「お客様から量販店に寄せられる意見のなかに、『出先でも飲めるように温かい水を置いてほしい』という声が増えているとの報告が上がっていました。同様の声はSNSでもしばしば見受けられ、一定のニーズがあることは認知していました」

 こうした白湯へのニーズが存在するとわかりつつも、アサヒ飲料の社内では「2014年に一度失敗しているのに、いま再販して本当に売れるのか」という声も少なからず存在したそうだ。

「しかし、外部の調査会社のデータによると、2009年には『白湯の飲用経験率』が11.8%ほどだったのが、2022年には61.0%と、約5倍の伸び率になっていました。白湯は女性が飲むことが多いと思われがちですが、男性に絞っても10.4%(2009年)から54.4%(2022年)の伸びに。この結果から、白湯は性別に関係なく幅広いターゲット層に向けて訴求できると考え、開発に踏み切りました」

白湯のペットボトルを
再販した狙い

 では、2009年から2022年で白湯の飲用経験者の割合が大幅に増えたのは、どんな理由があるのだろうか。

「最も大きな理由は、健康意識の高まりから“白湯”という言葉自体が浸透してきたことです。一般的に白湯が美容や健康にいいと認知されはじめたことで、白湯を生活の一部に取り入れたいと思う人が増えていると感じています。そのため今回は、2014年時点では商品名に入っていなかった『白湯』という文字を前面に打ち出したパッケージデザインにしました」

 白湯を飲むことで血の巡りがよくなり、基礎代謝の向上や便秘・冷え性の改善、美肌効果などがあることは、若年層から高齢者まで幅広い世代に普及してきている。

 一例だが、インスタグラムで「#白湯」で検索すると14.2万件もの投稿があるほか、「#白湯ダイエット」「#白湯生活」でも5000件以上の投稿があり(2022年12月6日現在)、それだけ白湯の効能に敏感なユーザーが増えてきたといえるだろう。

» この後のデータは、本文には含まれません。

(* A set $\mathcal{O}$ of upwards-closed modalities is decomposable if and only if for any $r\in TT\mathbf{1}$ and $o\in\mathcal{O}$ such that $\mu r\in o(\{*\})$, there is a collection of pairs $\{(o_i,\Phi_i)\}_{i\in I}$ with each $o_i\in\mathcal{O}$ and $\Phi_i\in\mathcal{T}$ such that: (1) for all $i\in I$, $r\in o_i([\![\Phi_i]\!])$; and (2) for all $r'\in TT\mathbf{1}$, if $r'\in o_i([\![\Phi_i]\!])$ for all $i\in I$, then $\mu r'\in o(\{*\})$.
   Context: $\Sigma$ is a signature of effect operations with arities $\alpha^n\to\alpha$, $\mathbf{N}\times\alpha^n\to\alpha$, $\alpha^{\mathbf{N}}\to\alpha$ or $\mathbf{N}\times\alpha^{\mathbf{N}}\to\alpha$. $TX$ is the set of possibly infinite labelled trees with leaves $\bot$ or elements of $X$ and internal nodes labelled by operations (or $\sigma_m$, $m\in\mathbb{N}$) with children according to arity; $t\le t'$ iff $t$ is obtained from $t'$ by replacing subtrees with $\bot$. $\mu:TTX\to TX$ replaces each leaf of a tree of trees by that tree. $\mathbf{1}=\{*\}$. A set $\mathcal{O}$ of modalities is given with $[\![o]\!]\subseteq T\mathbf{1}$; upwards closed means $[\![o]\!]$ is upward closed under $\le$. $t[\in P]\in T\mathbf{1}$ replaces leaves in $P$ by $*$ and other $X$-leaves by $\bot$; $o(A)=\{t\in TX\mid t[\in A]\in[\![o]\!]\}$. $\mathcal{T}$ is the least class of formulas containing $o(\top),o(\bot)$ ($o\in\mathcal{O}$) closed under arbitrary $\bigvee,\bigwedge$, with $[\![o(\top)]\!]=o(\{*\})$, $[\![o(\bot)]\!]=o(\emptyset)$, unions/intersections. On $T\mathbf{1}$: $t\trianglelefteq t'$ iff $\forall\Phi\in\mathcal{T}$, $t\in[\![\Phi]\!]\Rightarrow t'\in[\![\Phi]\!]$. On $TT\mathbf{1}$: $r\preccurlyeq r'$ iff $\forall o\,\forall\Phi\in\mathcal{T}$, $r\in o([\![\Phi]\!])\Rightarrow r'\in o([\![\Phi]\!])$. $\mathcal{O}$ is decomposable if $r\preccurlyeq r'$ implies $\mu r\trianglelefteq\mu r'$ for all $r,r'\in TT\mathbf{1}$. *)

From mathcomp Require Import all_boot.
From Stdlib Require Import ClassicalEpsilon.

Set Implicit Arguments.
Unset Strict Implicit.
Unset Printing Implicit Defensive.

(* Arities of effect operations:
   alpha^n -> alpha, N x alpha^n -> alpha, alpha^N -> alpha, N x alpha^N -> alpha *)
Inductive arity : Type :=
| ArFin (n : nat)
| ArNatFin (n : nat)
| ArInf
| ArNatInf.

Definition param (a : arity) : Type :=
  match a with
  | ArNatFin _ | ArNatInf => nat
  | _ => unit
  end.

Definition child (a : arity) : Type :=
  match a with
  | ArFin n | ArNatFin n => 'I_n
  | ArInf | ArNatInf => nat
  end.

Section Trees.
Variables (Op : Type) (ar : Op -> arity).

CoInductive tree (X : Type) : Type :=
| Bot
| Leaf (x : X)
| Node (o : Op) (p : param (ar o)) (k : child (ar o) -> tree X).

Arguments Bot {X}.

CoInductive tle (X : Type) : tree X -> tree X -> Prop :=
| tle_bot (t : tree X) : tle Bot t
| tle_leaf (x : X) : tle (Leaf x) (Leaf x)
| tle_node (o : Op) (p : param (ar o)) (k k' : child (ar o) -> tree X) :
    (forall i, tle (k i) (k' i)) -> tle (Node p k) (Node p k').

CoFixpoint mu (X : Type) (r : tree (tree X)) : tree X :=
  match r with
  | Bot => Bot
  | Leaf t => t
  | Node o p k => Node p (fun i => mu (k i))
  end.

CoFixpoint restr (X : Type) (P : X -> Prop) (t : tree X) : tree unit :=
  match t with
  | Bot => Bot
  | Leaf x => if excluded_middle_informative (P x) then Leaf tt else Bot
  | Node o p k => Node p (fun i => restr P (k i))
  end.

Section Modalities.
Variables (O : Type) (sem : O -> tree unit -> Prop).

Definition upwards_closed : Prop :=
  forall (o : O) (t t' : tree unit), sem o t -> tle t t' -> sem o t'.

Definition modal (X : Type) (o : O) (A : X -> Prop) : tree X -> Prop :=
  fun t => sem o (restr A t).

Inductive formula : Type :=
| FTop (o : O)
| FBotm (o : O)
| FOr (J : Type) (f : J -> formula)
| FAnd (J : Type) (f : J -> formula).

Fixpoint fsem (phi : formula) : tree unit -> Prop :=
  match phi with
  | FTop o => modal o (fun _ : unit => True)
  | FBotm o => modal o (fun _ : unit => False)
  | FOr J f => fun t => exists i : J, fsem (f i) t
  | FAnd J f => fun t => forall i : J, fsem (f i) t
  end.

Definition tri (t t' : tree unit) : Prop :=
  forall phi : formula, fsem phi t -> fsem phi t'.

Definition prec (r r' : tree (tree unit)) : Prop :=
  forall (o : O) (phi : formula), modal o (fsem phi) r -> modal o (fsem phi) r'.

Definition decomposable : Prop :=
  forall r r' : tree (tree unit), prec r r' -> tri (mu r) (mu r').

End Modalities.
End Trees.

(* For (->), take as decomposition all pairs (o', Phi) with r in o'([[Phi]]): an r' satisfying
   them all has r <~ r', so decomposability applied to o(top) gives mu r' in o({*}).
   For (<-), formulas are built from the atoms o(top) and o(bot) by joins and meets, so it
   suffices to transport these atoms from mu r to mu r'. For o(top) this is the hypothesis applied to r. For o(bot),
   restrict every inner tree of r to the empty set: mu r lies in o(empty) iff mu of the restricted
   tree lies in o({*}), and the restricted tree satisfies o(Phi) iff r satisfies o(Phi'), where Phi'
   is Phi with every o(top) replaced by o(bot); hence <~ is preserved and the hypothesis applies
   again. Upward closure makes every [[o]] invariant under bisimilarity, which replaces equality
   of coinductive trees throughout. *)
From Stdlib Require Import ClassicalEpsilon Setoid.

Set Implicit Arguments.

Section Bisimulation.
Variables (Op : Type) (ar : Op -> arity) (X : Type).

CoInductive bisim : tree ar X -> tree ar X -> Prop :=
| bisim_bot : bisim (Bot ar X) (Bot ar X)
| bisim_leaf (x : X) : bisim (Leaf ar x) (Leaf ar x)
| bisim_node (o : Op) (p : param (ar o)) (k k' : child (ar o) -> tree ar X) :
    (forall i, bisim (k i) (k' i)) -> bisim (Node p k) (Node p k').

Inductive tree_step (R : tree ar X -> tree ar X -> Prop) : tree ar X -> tree ar X -> Prop :=
| step_bot : tree_step R (Bot ar X) (Bot ar X)
| step_leaf (x : X) : tree_step R (Leaf ar x) (Leaf ar x)
| step_node (o : Op) (p : param (ar o)) (k k' : child (ar o) -> tree ar X) :
    (forall i, R (k i) (k' i)) -> tree_step R (Node p k) (Node p k').

Lemma bisim_coind (R : tree ar X -> tree ar X -> Prop) :
  (forall t t', R t t' -> tree_step R t t') -> forall t t', R t t' -> bisim t t'.
Proof.
  intros HR. cofix CH. intros t t' Htt'.
  destruct (HR t t' Htt'); constructor. intro i. apply CH. auto.
Qed.

Lemma bisim_sym (t t' : tree ar X) : bisim t t' -> bisim t' t.
Proof.
  apply bisim_coind with (R := fun a b => bisim b a).
  clear t t'. intros t t' H. destruct H; constructor; auto.
Qed.

Lemma bisim_tle : forall t t' : tree ar X, bisim t t' -> tle t t'.
Proof.
  cofix CH. intros t t' H. destruct H; constructor. intro i. apply CH. auto.
Qed.

End Bisimulation.

Section Unfolding.
Variables (Op : Type) (ar : Op -> arity).

Definition tree_unfold (X : Type) (t : tree ar X) : tree ar X :=
  match t with Bot => Bot ar X | Leaf x => Leaf ar x | Node _ p k => Node p k end.

Lemma tree_unfold_eq (X : Type) (t : tree ar X) : t = tree_unfold t.
Proof. destruct t; reflexivity. Qed.

CoFixpoint tmap (X Y : Type) (f : X -> Y) (t : tree ar X) : tree ar Y :=
  match t with
  | Bot => Bot ar Y
  | Leaf x => Leaf ar (f x)
  | Node _ p k => Node p (fun i => tmap f (k i))
  end.

Lemma tmap_Bot X Y (f : X -> Y) : tmap f (Bot ar X) = Bot ar Y.
Proof. rewrite (tree_unfold_eq (tmap _ _)). reflexivity. Qed.

Lemma tmap_Leaf X Y (f : X -> Y) x : tmap f (Leaf ar x) = Leaf ar (f x).
Proof. rewrite (tree_unfold_eq (tmap _ _)). reflexivity. Qed.

Lemma tmap_Node X Y (f : X -> Y) o (p : param (ar o)) k :
  tmap f (Node p k) = Node p (fun i => tmap f (k i)).
Proof. rewrite (tree_unfold_eq (tmap _ _)). reflexivity. Qed.

Lemma restr_Bot X (P : X -> Prop) : restr P (Bot ar X) = Bot ar unit.
Proof. rewrite (tree_unfold_eq (restr _ _)). reflexivity. Qed.

Lemma restr_Leaf X (P : X -> Prop) x :
  restr P (Leaf ar x) = if excluded_middle_informative (P x) then Leaf ar tt else Bot ar unit.
Proof.
  rewrite (tree_unfold_eq (restr _ _)). simpl.
  destruct (excluded_middle_informative (P x)); reflexivity.
Qed.

Lemma restr_Node X (P : X -> Prop) o (p : param (ar o)) k :
  restr P (Node p k) = Node p (fun i => restr P (k i)).
Proof. rewrite (tree_unfold_eq (restr _ _)). reflexivity. Qed.

Lemma mu_Bot X : mu (Bot ar (tree ar X)) = Bot ar X.
Proof. rewrite (tree_unfold_eq (mu _)). reflexivity. Qed.

Lemma mu_Leaf X (t : tree ar X) : mu (Leaf ar t) = t.
Proof. rewrite (tree_unfold_eq (mu _)). destruct t; reflexivity. Qed.

Lemma mu_Node X o (p : param (ar o)) (k : child (ar o) -> tree ar (tree ar X)) :
  mu (Node p k) = Node p (fun i => mu (k i)).
Proof. rewrite (tree_unfold_eq (mu _)). reflexivity. Qed.

End Unfolding.

Section Restriction.
Variables (Op : Type) (ar : Op -> arity).

Lemma restr_restr X (P : unit -> Prop) (Q R : X -> Prop) (t : tree ar X) :
  (forall x, R x <-> Q x /\ P tt) -> bisim (restr P (restr Q t)) (restr R t).
Proof.
  intros HR.
  apply bisim_coind with (R := fun a b => exists t, a = restr P (restr Q t) /\ b = restr R t);
    [|eauto].
  clear t. intros a b [t [-> ->]]. destruct t as [|x|o p k].
  - rewrite !restr_Bot. constructor.
  - rewrite !restr_Leaf.
    destruct (excluded_middle_informative (Q x)) as [Qx|nQx];
      [rewrite restr_Leaf; destruct (excluded_middle_informative (P tt)) as [Ptt|nPtt]|];
      rewrite ?restr_Bot;
      destruct (excluded_middle_informative (R x)) as [Rx|nRx]; try constructor;
      firstorder.
  - rewrite !restr_Node. constructor. eauto.
Qed.

Lemma restr_tmap X Y (Q : Y -> Prop) (f : X -> Y) (R : X -> Prop) (t : tree ar X) :
  (forall x, R x <-> Q (f x)) -> bisim (restr Q (tmap f t)) (restr R t).
Proof.
  intros HR.
  apply bisim_coind with (R := fun a b => exists t, a = restr Q (tmap f t) /\ b = restr R t);
    [|eauto].
  clear t. intros a b [t [-> ->]]. destruct t as [|x|o p k].
  - rewrite tmap_Bot, !restr_Bot. constructor.
  - rewrite tmap_Leaf, !restr_Leaf.
    destruct (excluded_middle_informative (Q (f x)));
      destruct (excluded_middle_informative (R x)); try constructor; firstorder.
  - rewrite tmap_Node, !restr_Node. constructor. eauto.
Qed.

Lemma restr_mu X (P : X -> Prop) (r : tree ar (tree ar X)) :
  bisim (restr P (mu r)) (mu (tmap (restr P) r)).
Proof.
  (* The relation contains the diagonal, which is what a leaf of r steps to. *)
  apply bisim_coind with (R := fun a b =>
    a = b \/ exists r, a = restr P (mu r) /\ b = mu (tmap (restr P) r)); [|eauto].
  clear r. intros a b [<-|[r [-> ->]]].
  - destruct a; constructor; auto.
  - destruct r as [|t|o p k].
    + rewrite tmap_Bot, !mu_Bot, restr_Bot. constructor.
    + rewrite tmap_Leaf, !mu_Leaf. destruct (restr P t); constructor; auto.
    + rewrite tmap_Node, !mu_Node, restr_Node. constructor. eauto.
Qed.

Lemma restr_True (t : tree ar unit) : bisim (restr (fun _ => True) t) t.
Proof.
  apply bisim_coind with (R := fun a b => a = restr (fun _ => True) b); [|reflexivity].
  clear t. intros a t ->. destruct t as [|[]|o p k].
  - rewrite restr_Bot. constructor.
  - rewrite restr_Leaf. destruct (excluded_middle_informative True); [constructor|tauto].
  - rewrite restr_Node. constructor. reflexivity.
Qed.

End Restriction.

Fixpoint ftop_to_bot (O : Type) (phi : formula O) : formula O :=
  match phi with
  | FTop o | FBotm o => FBotm o
  | FOr _ f => FOr (fun j => ftop_to_bot (f j))
  | FAnd _ f => FAnd (fun j => ftop_to_bot (f j))
  end.

Section Decomposability.
Variables (Op : Type) (ar : Op -> arity) (O : Type) (sem : O -> tree ar unit -> Prop).

Definition has_decompositions : Prop :=
  forall (r : tree ar (tree ar unit)) (o : O),
    modal sem o (fun _ : unit => True) (mu r) ->
    exists (J : Type) (oi : J -> O) (Phi : J -> formula O),
      (forall i : J, modal sem (oi i) (fsem sem (Phi i)) r) /\
      (forall r' : tree ar (tree ar unit),
         (forall i : J, modal sem (oi i) (fsem sem (Phi i)) r') ->
         modal sem o (fun _ : unit => True) (mu r')).

Lemma decomposable_has_decompositions : decomposable sem -> has_decompositions.
Proof.
  intros Hdec r o Hr.
  exists {p : O * formula O | modal sem (fst p) (fsem sem (snd p)) r},
    (fun p => fst (proj1_sig p)), (fun p => snd (proj1_sig p)).
  split.
  - intros [[o' phi] H]. exact H.
  - intros r' Hr'. apply (Hdec r r') with (phi := FTop o); [|exact Hr].
    intros o' phi H. exact (Hr' (exist _ (o', phi) H)).
Qed.

Lemma tri_atomic (t t' : tree ar unit) :
  (forall o, modal sem o (fun _ => True) t -> modal sem o (fun _ => True) t') ->
  (forall o, modal sem o (fun _ => False) t -> modal sem o (fun _ => False) t') ->
  tri sem t t'.
Proof.
  intros Htop Hbot phi. induction phi as [o|o|J f IH|J f IH]; simpl.
  - apply Htop.
  - apply Hbot.
  - intros [j Hj]. exists j. auto.
  - auto.
Qed.

Hypothesis sem_up : upwards_closed sem.

Lemma sem_bisim o (t t' : tree ar unit) : bisim t t' -> (sem o t <-> sem o t').
Proof.
  intros H. split; intros Ht; apply (sem_up Ht), bisim_tle; [|apply bisim_sym]; exact H.
Qed.

Lemma fsem_ftop_to_bot phi t :
  fsem sem (ftop_to_bot phi) t <-> fsem sem phi (restr (fun _ => False) t).
Proof.
  induction phi as [o|o|J f IH|J f IH]; simpl; unfold modal.
  - symmetry. apply sem_bisim, restr_restr. tauto.
  - symmetry. apply sem_bisim, restr_restr. tauto.
  - split; intros [j Hj]; exists j; apply IH; exact Hj.
  - split; intros H j; apply IH; apply H.
Qed.

Lemma modal_tmap_restr_False o phi (r : tree ar (tree ar unit)) :
  modal sem o (fsem sem phi) (tmap (restr (fun _ => False)) r) <->
  modal sem o (fsem sem (ftop_to_bot phi)) r.
Proof.
  apply sem_bisim, restr_tmap. intro t. apply fsem_ftop_to_bot.
Qed.

Lemma prec_tmap_restr_False (r r' : tree ar (tree ar unit)) :
  prec sem r r' ->
  prec sem (tmap (restr (fun _ => False)) r) (tmap (restr (fun _ => False)) r').
Proof.
  intros Hrr' o phi. rewrite !modal_tmap_restr_False. apply Hrr'.
Qed.

Lemma modal_False_mu o (r : tree ar (tree ar unit)) :
  modal sem o (fun _ => False) (mu r) <->
  modal sem o (fun _ => True) (mu (tmap (restr (fun _ => False)) r)).
Proof.
  unfold modal. rewrite (sem_bisim o (restr_mu _ r)).
  symmetry. apply sem_bisim, restr_True.
Qed.

Lemma has_decompositions_prec_mu (r r' : tree ar (tree ar unit)) o :
  has_decompositions -> prec sem r r' ->
  modal sem o (fun _ => True) (mu r) -> modal sem o (fun _ => True) (mu r').
Proof.
  intros Hdecs Hrr' Hr.
  destruct (Hdecs r o Hr) as [J [oi [Phi [HrPhi HPhi]]]].
  apply HPhi. intro i. apply Hrr', HrPhi.
Qed.

Lemma has_decompositions_decomposable : has_decompositions -> decomposable sem.
Proof.
  intros Hdecs r r' Hrr'. apply tri_atomic; intro o.
  - apply (has_decompositions_prec_mu Hdecs Hrr').
  - rewrite !modal_False_mu.
    apply (has_decompositions_prec_mu Hdecs (prec_tmap_restr_False Hrr')).
Qed.

End Decomposability.

Theorem lemma4p17 (Op : Type) (ar : Op -> arity)
  (O : Type) (sem : O -> tree ar unit -> Prop) :
  upwards_closed sem ->
  (decomposable sem <->
   forall (r : tree ar (tree ar unit)) (o : O),
     modal sem o (fun _ : unit => True) (mu r) ->
     exists (J : Type) (oi : J -> O) (Phi : J -> formula O),
       (forall i : J, modal sem (oi i) (fsem sem (Phi i)) r) /\
       (forall r' : tree ar (tree ar unit),
          (forall i : J, modal sem (oi i) (fsem sem (Phi i)) r') ->
          modal sem o (fun _ : unit => True) (mu r'))).
Proof.
  intros sem_up. split.
  - apply decomposable_has_decompositions.
  - apply has_decompositions_decomposable, sem_up.
Qed.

「白湯は朝一番に飲む“朝活”的な需要が高い一方で、忙しい朝に白湯をつくる時間が確保できなかったり、ゆっくり飲むことが難しい人もいる。そうした人に向けて、コンビニやスーパーなど、通勤中に立ち寄る場所で手軽に購入できる白湯を提案したいという思いもあります」

 加えて、近年の「こだわった水を飲みたい」というユーザーの増加も、今回の白湯再販の背景にはあるという。白湯はつくろうと思えば水道水をポットやケトルで沸かせばできてしまうものだが、それを“わざわざ購入してもらう”という戦略には勝算もあったそうだ。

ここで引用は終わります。